Liczba wyświetleń: 772
Najnowszy sondaż wskazuje, że większość Rosjan dalej wypowiada się pozytywnie na temat Józefa Stalina i jego metod rządzenia państwem. Podobna liczba respondentów określiła komunistycznego dyktatora mianem „tyrana” oraz „mądrego przywódcy”.
W piątek badanie opinii publicznej na ten temat opublikowało niezależne centrum Lewada. Wynika z niego, że 28 proc. Rosjan wyraża szacunek dla Stalina, natomiast 54 proc. ocenia jego politykę jako pozytywny wkład w rosyjską historię, a odmiennego zdania jest zaledwie 17 proc. respondentów. 26 proc. badanych uważa stalinowskie czystki za „uzasadnioną konieczność”, zaś 45 proc. określa je mianem zbrodni nie mających uzasadnienia. Liczba osób sympatyzujących z komunistycznym dyktatorem spadła jednak nieznacznie w porównaniu do tego samego badania z 2014 i 2015 r.

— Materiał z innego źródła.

Lemma smooth_comp_coord N (c : 'I_N) f : smooth_curve f -> smooth (fun z : vec N => f (z c)).
Proof.
move=> Sf k; elim: k f Sf => [|k IH] f Sf.
  exact/contn_comp_coord/smooth_curve_continuity.
split=> [|i]; first exact/contn_comp_coord/smooth_curve_continuity.
have D x : derivable_pt_lim (fun s => f (upd x i s c)) 0 (if c == i then dt f (x c) else 0).
  rewrite /upd; case: (c == i); last exact: derivable_pt_lim_const.
  by apply/derivable_pt_lim_shift; exact: smooth_curve_derivable.
split=> [x|]; first by rewrite (pd_eq (D x)).
have -> : (fun x => pd (fun z : vec N => f (z c)) x i) =
          (fun z => (if c == i then dt f else fun _ => 0) (z c)).
  by apply: functional_extensionality => x; rewrite (pd_eq (D x)); case: (c == i).
by apply: IH; case: (c == i); [exact: smooth_curve_dt | exact: smooth_curve_const].
Qed.

Lemma small_forall_ord N (P : 'I_N -> R -> Prop) :
  (forall j, exists d, 0 < d /\ forall h, Rabs h < d -> P j h) ->
  exists d, 0 < d /\ forall h, Rabs h < d -> forall j, P j h.
Proof.
move=> HP.
suff [d [d_gt0 Hd]] : exists d, 0 < d /\
    forall h, Rabs h < d -> forall j, j \in index_enum 'I_N -> P j h.
  by exists d; split=> // h h_lt j; apply: Hd => //; exact: mem_index_enum.
elim: (index_enum _) => [|a r [dr [dr_gt0 Hr]]]; first by exists 1; split=> //; lra.
have [da [da_gt0 Ha]] := HP a.
exists (Rmin da dr); split; first exact: Rmin_glb_lt.
move=> h h_lt j; rewrite inE => /orP [/eqP ->|jr].
  by apply: Ha; apply: Rlt_le_trans h_lt (Rmin_l _ _).
by apply: Hr => //; apply: Rlt_le_trans h_lt (Rmin_r _ _).
Qed.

Choć Stalin cieszy się wciąż pozytywną opinią wśród rosyjskiego społeczeństwa, blisko 60 proc. jego członków nie chciałoby żyć pod rządami osoby podobnej do Stalina. Przeciwnego zdania jest za to 23 proc. respondentów.
Wiceszef Lewady Aleksiej Grazhdankin uważa, że nieznaczny wzrost popularności Stalina ma związek z trudną sytuacją gospodarczą, ponieważ polityka komunistycznego dyktatora „sprawdzała się w czasie II Wojny Światowej”.

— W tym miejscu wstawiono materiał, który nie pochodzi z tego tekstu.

(* d is the least fixed point of Delta on [0,1]^(S x S):
   the probabilistic bisimilarity distance of (S, L, tau, lab) *)
Definition is_bisim_dist (lab : S -> L) (tau : S -> S -> R)
    (d : S -> S -> R) : Prop :=
  unit_valued d /\ (forall s t, Delta lab tau d s t = d s t) /\
  (forall e, unit_valued e -> (forall s t, Delta lab tau e s t = e s t) ->
     forall s t, d s t <= e s t).

Definition is_LMC (tau : S -> S -> R) : Prop := forall s, is_distr (tau s).

End LMC.

(* maximum of a finite set of nonnegative reals { F p | p in A } (0 if empty) *)
Notation bigmax_set A F := (\big[Num.max/0%R]_(p \in A) F p).

(* Pass to a subsequence along which the diameter of [S0] tends to 0 and, by
   Bolzano--Weierstrass, all the finitely many probabilities [tau_i s x]
   (s in S0, x in N) and distances [d_i u v] (u, v in N) converge.  Each [d_i]
   is a pseudometric, hence so is the limit distance on [N]; its zero-classes
   form the partition.  For [s, t] in [S0], near-optimal couplings of [tau_i s]
   and [tau_i t] cost about [d_i s t -> 0], so the mass they put on pairs lying
   in different classes, which are at positive limit distance, vanishes: all
   the limit distributions give each class the same mass [mu j].  Along the
   subsequence every term of the maximum tends to 0, so its liminf is 0. *)

From mathcomp Require Import all_boot all_order all_algebra.
From mathcomp Require Import all_classical all_reals.
From mathcomp Require Import ereal sequences.
From mathcomp Require Import topology normedtype.
From mathcomp Require Import lra.
Import Order.TTheory GRing.Theory Num.Theory.
Import numFieldNormedType.Exports.
Local Open Scope classical_set_scope.
Local Open Scope ring_scope.
Set Implicit Arguments. Unset Strict Implicit.

Section FiniteSums.
Variable R : realType.

Definition fseq (T : choiceType) (A : set T) : seq T :=
  finmap.enum_fset (fset_set A).

Lemma fseq_uniq (T : choiceType) (A : set T) : uniq (fseq A).
Proof. exact: finmap.fset_uniq. Qed.

Lemma mem_fseq (T : choiceType) (A : set T) x :
  finite_set A -> (x \in fseq A) <-> A x.
Proof. by move=> fA; rewrite /fseq in_fset_set //; split => [/set_mem|/mem_set]. Qed.

Definition supp (T : choiceType) (f : T -> R) : seq T := fseq [set x | f x != 0].

Lemma supp_uniq (T : choiceType) (f : T -> R) : uniq (supp f).
Proof. exact: fseq_uniq. Qed.

Lemma mem_supp (T : choiceType) (f : T -> R) x :
  finite_set [set x | f x != 0] -> (x \in supp f) = (f x != 0).
Proof. by move=> ff; apply/idP/idP => /(mem_fseq x ff). Qed.

Lemma fsumT_seq (T : choiceType) (r : seq T) (f : T -> R) : uniq r ->
  (forall x, x \notin r -> f x = 0) ->
  \sum_(x \in [set: T]) f x = \sum_(x <- r) f x.
Proof.
move=> ur f0; rewrite -(fsbig_widen [set` r] setT f) //; last first.
  by move=> x [_ /negP /f0].
by rewrite [RHS]fsbig_seq.
Qed.

Lemma fsumT_supp (T : choiceType) (f : T -> R) :
  finite_set [set x | f x != 0] ->
  \sum_(x \in [set: T]) f x = \sum_(x <- supp f) f x.
Proof.
move=> ff; apply: fsumT_seq; first exact: supp_uniq.
by move=> x; rewrite mem_supp // negbK => /eqP.
Qed.

Lemma fsumTT_seq (T1 T2 : choiceType) (r1 : seq T1) (r2 : seq T2)
    (f : T1 * T2 -> R) : uniq r1 -> uniq r2 ->
  (forall p, f p != 0 -> (p.1 \in r1) && (p.2 \in r2)) ->
  \sum_(p \in [set: T1 * T2]) f p = \sum_(x <- r1) \sum_(y <- r2) f (x, y).
Proof.
move=> u1 u2 fr; rewrite (@fsumT_seq _ [seq (x, y) | x <- r1, y <- r2]).
- by rewrite big_allpairs.
- by apply: allpairs_uniq => // -[a b] [c e] _ _ /= [-> ->].
- move=> [x y] xy; apply/eqP; apply: contraNT xy => /fr /andP[/= x1 y2].
  exact: allpairs_f.
Qed.

Lemma ler_sum_seq_term (T : eqType) (f : T -> R) (r : seq T) x : uniq r ->
  (forall y, 0 <= f y) -> x \in r -> f x <= \sum_(y <- r) f y.
Proof. by move=> ur f0 xr; rewrite (bigD1_seq x) //= lerDl sumr_ge0. Qed.

Lemma ler_fsumT_term (T : choiceType) (f : T -> R) x :
  (forall y, 0 <= f y) -> finite_set [set y | f y != 0] ->
  f x <= \sum_(y \in [set: T]) f y.
Proof.
move=> f0 ff; rewrite fsumT_supp //; have [->|fx] := eqVneq (f x) 0.
  exact: sumr_ge0.
by apply: ler_sum_seq_term; rewrite ?supp_uniq ?mem_supp.
Qed.

Lemma sum_seq_pred1 (T : eqType) (r : seq T) (u : T) (c : R) : uniq r ->
  \sum_(v <- r) (if u == v then c else 0) = if u \in r then c else 0.
Proof.
move=> ur; case: ifP => ur'.
  rewrite (bigD1_seq u) //= eqxx big1 ?addr0 // => v; rewrite eq_sym => /negPf ->.
  by [].
by rewrite big1_seq // => v /andP[_ vr]; case: eqP => // uv; rewrite uv vr in ur'.
Qed.

Lemma prob_of_seq (T : choiceType) (f : T -> R) (B : set T) (r : seq T) :
  uniq r -> B `<=` [set` r] ->
  prob_of f B = \sum_(x <- r) (if x \in B then f x else 0).
Proof.
move=> ur Br; rewrite /prob_of fsbig_mkcond (fsumT_seq ur) // => x xr.
by rewrite /patch; case: ifP => // /set_mem /Br /=; rewrite (negbTE xr).
Qed.

Lemma prob_of_partition (T : choiceType) (f : T -> R) (A : set T) k
    (P : 'I_k -> set T) : finite_set A ->
  (forall j j', j != j' -> P j `&` P j' = set0) ->
  \bigcup_(j in [set: 'I_k]) P j = A ->
  \sum_(j < k) prob_of f (P j) = prob_of f A.
Proof.
move=> fA Pdisj PA.
have inA x : A x -> x \in fseq A by move/(mem_fseq x fA).
have PjA j : P j `<=` [set` fseq A] by move=> x Pjx; apply: inA; rewrite -PA; exists j.
rewrite (prob_of_seq f (fseq_uniq A) inA).
under eq_bigr => j _ do rewrite (prob_of_seq f (fseq_uniq A) (PjA j)).
rewrite exchange_big; apply: eq_big_seq => x /(mem_fseq x fA) Ax.
rewrite (mem_set Ax); have := Ax; rewrite -PA => -[j0 _ Pj0x].
rewrite (bigD1 j0) //= (mem_set Pj0x) big1 ?addr0 // => j jj0.
case: ifP => // /set_mem Pjx.
by have := Pdisj j j0 jj0; rewrite -subset0 => /(_ x (conj Pjx Pj0x)).
Qed.

End FiniteSums.

Section Distributions.
Variable R : realType.
Implicit Types (T : choiceType).

Lemma distr_ge0 T (f : T -> R) x : is_distr f -> 0 <= f x.
Proof. by case=> f0 _. Qed.

Lemma distr_fin T (f : T -> R) : is_distr f -> finite_set [set x | f x != 0].
Proof. by case=> _ []. Qed.

Lemma distr_supp T (f : T -> R) : is_distr f -> \sum_(x <- supp f) f x = 1.
Proof. by move=> [_ [ff f1]]; rewrite -fsumT_supp. Qed.

Lemma distr_le1 T (f : T -> R) x : is_distr f -> f x <= 1.
Proof.
move=> df; have [_ [ff <-]] := df.
by apply: ler_fsumT_term => // y; apply: distr_ge0.
Qed.

Lemma distr_partition T (f : T -> R) (A : set T) k (P : 'I_k -> set T) :
  is_distr f -> (forall x, f x != 0 -> A x) -> finite_set A ->
  (forall j j', j != j' -> P j `&` P j' = set0) ->
  \bigcup_(j in [set: 'I_k]) P j = A ->
  is_distr (fun j => prob_of f (P j)).
Proof.
move=> df fA finA Pdisj PA.
split; first by move=> j; apply: fsumr_ge0 => x _; apply: distr_ge0.
split; first exact: finite_finset.
rewrite (fsumT_seq (enum_uniq 'I_k)); last by move=> j; rewrite mem_enum.
rewrite big_enum /= (prob_of_partition f finA) //; have [_ [_ <-]] := df.
by apply: fsbig_widen => // x [_ nAx]; apply/eqP/negPn/negP => /fA.
Qed.

End Distributions.

Section Couplings.
Variables (R : realType) (S : countType).
Implicit Types (mu nu rho : S -> R) (w : S * S -> R).

Lemma coupling_ge0 mu nu w p : is_coupling mu nu w -> 0 <= w p.
Proof. by case=> [[w0 _] _]. Qed.

Lemma coupling_supp mu nu w p : is_coupling mu nu w ->
  w p != 0 -> (mu p.1 != 0) && (nu p.2 != 0).
Proof.
case: p => u v [[w0 [wf _]] [m1 m2]] /= wuv.
have wpos : 0 < w (u, v) by rewrite lt_neqAle eq_sym wuv w0.
have fin1 : finite_set [set y | w (u, y) != 0].
  by apply: sub_finite_set (finite_image snd wf) => y wy; exists (u, y).
have fin2 : finite_set [set x | w (x, v) != 0].
  by apply: sub_finite_set (finite_image fst wf) => x wx; exists (x, v).
have le1 : w (u, v) <= mu u by rewrite -m1; apply: (ler_fsumT_term (f := fun y => w (u, y))).
have le2 : w (u, v) <= nu v by rewrite -m2; apply: (ler_fsumT_term (f := fun x => w (x, v))).
by rewrite !gt_eqF // (lt_le_trans wpos).
Qed.

Lemma coupling_marg1_seq mu nu w (r : seq S) : is_coupling mu nu w -> uniq r ->
  (forall v, nu v != 0 -> v \in r) -> forall u, \sum_(v <- r) w (u, v) = mu u.
Proof.
move=> hc ur nur u; have [_ [<- _]] := hc; rewrite (fsumT_seq ur) // => v vr.
by apply/eqP; apply: contraNT vr => /(coupling_supp hc) /andP[_ /nur].
Qed.

Lemma coupling_marg2_seq mu nu w (r : seq S) : is_coupling mu nu w -> uniq r ->
  (forall u, mu u != 0 -> u \in r) -> forall v, \sum_(u <- r) w (u, v) = nu v.
Proof.
move=> hc ur mur v; have [_ [_ <-]] := hc; rewrite (fsumT_seq ur) // => u ur'.
by apply/eqP; apply: contraNT ur' => /(coupling_supp hc) /andP[/mur].
Qed.

Lemma coupling_marg1 mu nu w : is_distr nu -> is_coupling mu nu w ->
  forall u, \sum_(v <- supp nu) w (u, v) = mu u.
Proof.
move=> dn hc; apply: (coupling_marg1_seq hc (supp_uniq _)) => v.
by rewrite mem_supp //; apply: distr_fin.
Qed.

Lemma coupling_marg2 mu nu w : is_distr mu -> is_coupling mu nu w ->
  forall v, \sum_(u <- supp mu) w (u, v) = nu v.
Proof.
move=> dm hc; apply: (coupling_marg2_seq hc (supp_uniq _)) => u.
by rewrite mem_supp //; apply: distr_fin.
Qed.

Lemma coupling_sum mu nu w (F : S * S -> R) : is_distr mu -> is_distr nu ->
  is_coupling mu nu w ->
  \sum_(p \in [set: S * S]) w p * F p =
  \sum_(u <- supp mu) \sum_(v <- supp nu) w (u, v) * F (u, v).
Proof.
move=> dm dn hc; apply: fsumTT_seq; try exact: supp_uniq.
move=> p; rewrite mulf_eq0 negb_or => /andP[/(coupling_supp hc) /andP[h1 h2] _].
by rewrite !mem_supp ?h1 ?h2 //; apply: distr_fin.
Qed.

Lemma coupling_total mu nu w : is_distr mu -> is_distr nu ->
  is_coupling mu nu w -> \sum_(u <- supp mu) \sum_(v <- supp nu) w (u, v) = 1.
Proof.
by move=> dm dn hc; under eq_bigr do rewrite (coupling_marg1 dn hc); apply: distr_supp.
Qed.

Na podstawie: rt.com, rp.pl
Źródło: Autonom.pl
Te kilkadziesiąt procent wychwalających Stalina pewnie pokrywa się w 99% z częścią populacji, która nie przeczytała ani jednej rzetelnej książki w życiu. Pomijając ogromne przeinaczenia i wypaczenia historycznej prawdy o zsyłkach, łagrach i całego tego bolszewickiego ludobójstwa (Gułag) – te sympatie wynikają po prostu z analfabetyzmu, niewiedzy i ignorancji dużej części rosyjskiego społeczeństwa.
Odezwał się nieuk idiota wykarmiony nadjordańską propagandą obecnego reżimu. Europa potrzebuje drugiego Stalina żeby wyplenił ten obecny żydokomunizm i przywrócił państwa narodowe. A ten posttrockistowski pomiot we władzach Europy pogonić skąd przyleźli.
Nie ubliżaj chamie! Przeczytaj chociaż jedną, dwie książki napisane przez ludzi, którzy przeszli piekło stalinowskich łagrów. Owszem, w Europie potrzebna jest umiarkowana dyktatura, ale być może można się obyć bez milionów przypadkowych ofiar!
zefirr
Nie rzucaj kamieniem, bo nie masz powodu.
Stalin mordował i komunistów i trockistów (o zwykłych ludziach nie mówiąc),
ale z żydami to on przegrał i z tego co napisał Uszkujnik ze skutkiem śmiertelnym przez uduszenie.
Dlaczego Rosjanie pozytywnie patrzą na Stalina, odpowiedź daje jeden z filmików pana Albina Siwaka, w którym to jedna kobieta wytłumaczyła (bodajże Michałkowowi, na żywo transmitowanym w telewizji rosyjskiej).
Dlaczego tak myśli ona i duża część narodu rosyjskiego,
otóż powiedziała że Stalin dał zamordować swojego syna Niemcom, nie wykupił i nie zamienił na innego jeńca (chociaż była taka propozycja), i to się Rosjanom podoba, czy słusznie?.
Nie mnie to oceniać,
pamięć historyczna narodu jest wybiórcza i czasami co najmniej dziwna.
Pamięć wybiórcza to mało powiedziane. Zrobię jeden piękny uczynek, a potem każę wymordować miliony zwykłych, przypadkowych ludzi. Rzeczywistych wrogów i przeciwników Wielkiego Zbrodniarza było bardzo niewielu!
Jeżeli chodzi o masowe ludobójstwo wszechczasów, to Stalin nie miał sobie równego – nawet Hitler mu ustępował. Zbrodnie Hitlera można jeszcze dosyć dokładnie oszacować, natomiast zbrodni Wielkiego Oprawcy nie da się oszacować nawet w rzędzie wielkości – nadal nie wiadomo czy były to tylko miliony, a może dziesiątki, albo nawet setki milionów!!! Na szczęście dla wszystkich został wykończony, bo gdyby pożył jeszcze chociaż 5-10 lat, to ponurym owocem jego piekielnej (psychopatycznej) pomysłowości i przebiegłości byłyby następne miliony i być może zagłada całych narodów.